Task goal -
Go through the data below and retype all of it exactly.
BEGIN
Definition is_metric_on (R : realType)
    (d : {finite_measure set R -> \bar R} -> {finite_measure set R -> \bar R} -> \bar R) : Prop :=
  (forall mu nu, on_circle mu -> on_circle nu -> d mu nu \is a fin_num) /\
  (forall mu nu, on_circle mu -> on_circle nu -> (d mu nu = 0%E <-> meq mu nu)) /\
  (forall mu nu, on_circle mu -> on_circle nu -> d mu nu = d nu mu) /\
  (forall mu nu rho, on_circle mu -> on_circle nu -> on_circle rho ->
     (d mu rho <= d mu nu + d nu rho)%E).

Definition weakly_continuous (R : realType)
    (d : {finite_measure set R -> \bar R} -> {finite_measure set R -> \bar R} -> \bar R) : Prop :=
  forall (mu_ nu_ : nat -> {finite_measure set R -> \bar R}) mu nu,
    (forall k, on_circle (mu_ k)) -> (forall k, on_circle (nu_ k)) ->
    on_circle mu -> on_circle nu ->
    wconv mu_ mu -> wconv nu_ nu ->
    (fun k => d (mu_ k) (nu_ k)) @ \oo --> d mu nu.

(* equicontinuity of the family, as in the paper (for periodic functions,
   distance on R is equivalent to the circle distance) *)
Definition equicontinuous_family (R : realType) (K : Type) (g : K -> R -> R) : Prop :=
  forall eps : R, 0 < eps -> exists2 gam : R, 0 < gam &
    forall (xi : K) (t1 t2 : R), `|t1 - t2| < gam -> `|g xi t1 - g xi t2| < eps.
END
Task output -
Definition is_metric_on (R : realType)
    (d : {finite_measure set R -> \bar R} -> {finite_measure set R -> \bar R} -> \bar R) : Prop :=
  (forall mu nu, on_circle mu -> on_circle nu -> d mu nu \is a fin_num) /\
  (forall mu nu, on_circle mu -> on_circle nu -> (d mu nu = 0%E <-> meq mu nu)) /\
  (forall mu nu, on_circle mu -> on_circle nu -> d mu nu = d nu mu) /\
  (forall mu nu rho, on_circle mu -> on_circle nu -> on_circle rho ->
     (d mu rho <= d mu nu + d nu rho)%E).

Definition weakly_continuous (R : realType)
    (d : {finite_measure set R -> \bar R} -> {finite_measure set R -> \bar R} -> \bar R) : Prop :=
  forall (mu_ nu_ : nat -> {finite_measure set R -> \bar R}) mu nu,
    (forall k, on_circle (mu_ k)) -> (forall k, on_circle (nu_ k)) ->
    on_circle mu -> on_circle nu ->
    wconv mu_ mu -> wconv nu_ nu ->
    (fun k => d (mu_ k) (nu_ k)) @ \oo --> d mu nu.

(* equicontinuity of the family, as in the paper (for periodic functions,
   distance on R is equivalent to the circle distance) *)
Definition equicontinuous_family (R : realType) (K : Type) (g : K -> R -> R) : Prop :=
  forall eps : R, 0 < eps -> exists2 gam : R, 0 < gam &
    forall (xi : K) (t1 t2 : R), `|t1 - t2| < gam -> `|g xi t1 - g xi t2| < eps.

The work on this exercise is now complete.